Dalam beberapa kasus, valuasi telah anjlok bahkan tanpa adanya krisis besar. Vanguard, investor di Ola Cabs, memangkas valuasi perusahaan ride-hailing tersebut menjadi US$1,9 miliar, turun 74 persen dari tahun 2021, meski tidak memberikan alasannya.
‘Jauh lebih mudah’: Kode QR mendorong pedesaan India menuju perekonomian tanpa uang tunai
‘Jauh lebih mudah’: Kode QR mendorong pedesaan India menuju perekonomian tanpa uang tunai
Ashish Sharma, kepala eksekutif InnoVen Capital yang didukung Temasek dan telah menginvestasikan US$1,5 miliar pada perusahaan rintisan di Asia, mengatakan bahwa jika ditilik ke belakang, sudah jelas bahwa terlalu banyak modal yang dikucurkan ke beberapa sektor, sehingga menyebabkan peningkatan tajam dalam valuasi.
“Beberapa perusahaan beruntung… (tetapi) beruntung tidak bisa menjadi model bisnis.”
“Salah satu perubahannya adalah kita harus lebih berhati-hati ketika mengevaluasi bisnis dengan pertumbuhan tinggi/pembakaran (uang tunai) yang tinggi dan menilai apakah pasar yang dinilai cukup besar sehingga dapat menarik investor yang sedang berkembang untuk meningkatkan putaran modal berikutnya,” tambahnya.
Nexus Venture Partners dari India, yang mengelola dana sebesar US$2 miliar, “mendasarkan” taruhannya secara luas di luar perusahaan rintisan (startup) teknologi pada umumnya untuk meraup porsi perekonomian yang lebih besar dan karena sektor-sektor tradisional memiliki risiko yang lebih kecil, menurut sebuah sumber yang mengetahui langsung mengenai hal ini. masalah yang menolak untuk diidentifikasi.
Nexus, yang sejak Desember mendukung produsen pakaian olahraga dan jaringan kopi, tidak menanggapi permintaan komentar.
Salah satu tanda yang lebih cerah adalah SoftBank Jepang sedang mempertimbangkan untuk mengerahkan dana hingga US$300 juta di India tahun ini, menurut sebuah sumber yang menjelaskan rencananya.

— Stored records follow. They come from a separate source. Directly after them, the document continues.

(* Let $\varphi:S^1\to S^1$ be a minimal orientation preserving circle homeomorphism with irrational rotation number $\varrho$, and fix $\varepsilon>0$. Then there exists a neighbourhood $U$ of $\varphi$ in $C^0(S^1)$ such that for every minimal orientation preserving circle homeomorphism $\tilde\varphi\in U$ with $\varrho(\tilde\varphi)=\varrho$ we have $$\sup_{x_0\in\mathbb{R}}\sup_{n\in\mathbb{N}}|r_n(x_0)-\tilde r_n(x_0)|<\varepsilon,$$ where $r_n(x_0)=\frac12|\mathrm{cosec}(\pi(\Phi^n(x_0)-\Phi^{n-1}(x_0)))|$ and $\tilde r_n(x_0)=\frac12|\mathrm{cosec}(\pi(\tilde\Phi^n(x_0)-\tilde\Phi^{n-1}(x_0)))|$ are the local discrete radii of curvature of the curlicues generated at $x_0$ by lifts $\Phi$ of $\varphi$ and $\tilde\Phi$ of $\tilde\varphi$, respectively.
   Context: Identify $S^1=\mathbb{R}/\mathbb{Z}$ via $x\mapsto\exp(2\pi\imath x)$; a lift is $\Phi$ with $\Phi(x+1)=\Phi(x)+1$ projecting to the homeomorphism. The curlicue generated at $x_0$ has vertices $z_0=0$, $z_n=\sum_{k=0}^{n-1}\exp(2\pi\imath\Phi^k(x_0))$; its local discrete radius of curvature $r_n$ is the radius of the circle through $z_{n-1},z_n,z_{n+1}$, which equals the formula above and does not depend on the choice of lift. $C^0(S^1)$ carries the uniform topology. *)

From Stdlib Require Import Reals ZArith.
Open Scope R_scope.

Definition iter (Phi : R -> R) (n : nat) (x : R) : R := Nat.iter n Phi x.

(* Phi is a lift of an orientation preserving circle homeomorphism
   (S^1 = R/Z): continuous, strictly increasing, Phi(x+1) = Phi(x)+1. *)
Definition circle_lift (Phi : R -> R) : Prop :=
  continuity Phi /\
  (forall x y, x < y -> Phi x < Phi y) /\
  (forall x, Phi (x + 1) = Phi x + 1).

(* The (full, two-sided) orbit of the circle point [x] under the homeomorphism
   with lift Phi contains the circle point [y] iff some forward iterates of x
   and y agree modulo Z. *)
Definition in_orbit (Phi : R -> R) (x y : R) : Prop :=
  exists (n m : nat) (k : Z), iter Phi n y = iter Phi m x + IZR k.

(* Minimality: every orbit is dense in S^1, i.e. the lifted orbit
   (orbit + Z) is dense in R. *)
Definition minimal (Phi : R -> R) : Prop :=
  forall x z eps, 0 < eps -> exists y, in_orbit Phi x y /\ Rabs (y - z) < eps.

(* rho is (a real representative of) the rotation number of the lift Phi *)
Definition is_rotation_number (Phi : R -> R) (rho : R) : Prop :=
  forall x, Un_cv (fun n => (iter Phi n x - x) / INR n) rho.

Definition irrational (r : R) : Prop :=
  forall p q : Z, q <> 0%Z -> r * IZR q <> IZR p.

Definition circ_dist (a b : R) : R :=
  let d := b - a in Rmin (d - IZR (Int_part d)) (1 - (d - IZR (Int_part d))).

Definition C0_close (Phi Psi : R -> R) (delta : R) : Prop :=
  exists c, c < delta /\ forall x, circ_dist (Phi x) (Psi x) <= c.

Definition radius (Phi : R -> R) (n : nat) (x0 : R) : R :=
  / 2 * Rabs (/ sin (PI * (iter Phi n x0 - iter Phi (n - 1) x0))).

From Pilot Require Import Defs.
From Stdlib Require Import Reals ZArith.
From Stdlib Require Import Lra Lia Classical ClassicalEpsilon.
(* Re-import so that [iter] is [Defs.iter] and not the [iter] of ZArith. *)
Import Defs.
Open Scope R_scope.

(* Up to replacing the lift of Psi by an integer translate, Phi and Psi are C^0-close lifts with
   the same irrational rotation number rho. For such a lift the points L^a x + b of any orbit are
   ordered on the line exactly as the numbers a rho + b. By minimality and compactness, every
   Phi-orbit comes eta-close (mod 1) to every point within a bounded number N of steps; for Psi
   close to Phi the first N iterates of Phi and Psi are eta-close, and the order argument then
   traps Psi^n x near Phi^n x for every n. The displacement Phi y - y is continuous,
   periodic and never an integer, so |sin (pi (Phi y - y))| is bounded below and
   r_n = 1 / (2 |sin (pi (Phi^n x - Phi^(n-1) x))|) depends uniformly continuously on the
   displacement at Phi^(n-1) x. *)

Lemma Rabs_le_inv x b : Rabs x <= b -> - b <= x <= b.
Proof.
  intro H. pose proof (Rle_abs x); pose proof (Rle_abs (- x)). rewrite Rabs_Ropp in *. lra.
Qed.

Lemma periodic_shift_Z (f : R -> R) :
  (forall x, f (x + 1) = f x) -> forall z x, f (x + IZR z) = f x.
Proof.
  intros Hf z; induction z as [|z IH|z IH] using Z.peano_ind; intro x.
  - now rewrite Rplus_0_r.
  - now rewrite succ_IZR, <- Rplus_assoc, Hf.
  - rewrite <- (IH x), <- Hf, <- Z.sub_1_r, minus_IZR. f_equal. ring.
Qed.

Lemma root_of_sign_change f a b : continuity f -> f a <= 0 -> 0 <= f b ->
  exists z, f z = 0.
Proof.
  intros Hc Ha Hb. assert (H : f a * f b <= 0) by nra. destruct (Rle_dec a b).
  - destruct (IVT_cor f a b Hc r H) as [z [_ Hz]]; eauto.
  - rewrite Rmult_comm in H. destruct (IVT_cor f b a Hc ltac:(lra) H) as [z [_ Hz]]; eauto.
Qed.

Lemma continuity_nonvanishing_sign f : continuity f -> (forall y, f y <> 0) ->
  (forall y, 0 < f y) \/ (forall y, f y < 0).
Proof.
  intros Hc Hnz. destruct (Rlt_or_le 0 (f 0)) as [h|h]; [left|right]; intro y.
  - destruct (Rlt_or_le 0 (f y)) as [h'|h']; auto.
    destruct (root_of_sign_change f y 0 Hc h' (Rlt_le _ _ h)) as [z Hz]. now destruct (Hnz z).
  - destruct (Rlt_or_le (f y) 0) as [h'|h']; auto.
    destruct (root_of_sign_change f 0 y Hc h h') as [z Hz]. now destruct (Hnz z).
Qed.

Hal ini terjadi setelah tidak ada satu pun cek baru yang ditandatangani di India dalam dua tahun – sebuah kemunduran yang lebih tajam dibandingkan wilayah lain yang dialami raksasa investasi teknologi ini.
“Sebagian besar perusahaan rintisan (India) dinilai terlalu kaya dan SoftBank tidak dapat membenarkan penilaian tersebut,” kata sumber yang tidak berwenang berbicara kepada media dan menolak disebutkan namanya.
SoftBank, yang menginvestasikan US$11 miliar pada perusahaan rintisan di India antara tahun 2014 dan 2021, tidak menanggapi permintaan komentar.